Stored data
===

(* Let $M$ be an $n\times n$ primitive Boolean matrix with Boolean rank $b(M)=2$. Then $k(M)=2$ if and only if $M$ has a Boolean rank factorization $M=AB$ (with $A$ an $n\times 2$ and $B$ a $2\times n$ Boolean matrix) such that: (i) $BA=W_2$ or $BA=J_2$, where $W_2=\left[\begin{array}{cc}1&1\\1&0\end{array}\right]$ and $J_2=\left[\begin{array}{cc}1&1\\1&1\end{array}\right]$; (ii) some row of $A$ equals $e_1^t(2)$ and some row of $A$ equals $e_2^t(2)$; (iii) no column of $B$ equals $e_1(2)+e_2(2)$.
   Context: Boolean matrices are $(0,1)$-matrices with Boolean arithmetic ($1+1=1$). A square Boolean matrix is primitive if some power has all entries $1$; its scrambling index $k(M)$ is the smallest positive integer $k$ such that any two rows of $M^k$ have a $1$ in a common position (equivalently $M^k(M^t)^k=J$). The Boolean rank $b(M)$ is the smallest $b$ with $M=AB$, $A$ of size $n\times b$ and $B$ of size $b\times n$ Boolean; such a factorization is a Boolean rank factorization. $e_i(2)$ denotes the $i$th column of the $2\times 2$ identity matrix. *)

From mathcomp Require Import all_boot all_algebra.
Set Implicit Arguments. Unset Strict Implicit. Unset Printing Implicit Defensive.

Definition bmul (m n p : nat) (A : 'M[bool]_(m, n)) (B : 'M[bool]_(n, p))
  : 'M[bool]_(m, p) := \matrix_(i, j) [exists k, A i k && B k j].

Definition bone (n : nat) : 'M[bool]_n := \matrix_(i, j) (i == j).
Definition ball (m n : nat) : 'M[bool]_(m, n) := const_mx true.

===

> [Exercise] Reproduce verbatim the stretch of lines beginning with the one containing "Definition bone (n" and ending at the close of the entries above.

> [Task answer]
Definition bone (n : nat) : 'M[bool]_n := \matrix_(i, j) (i == j).
Definition ball (m n : nat) : 'M[bool]_(m, n) := const_mx true.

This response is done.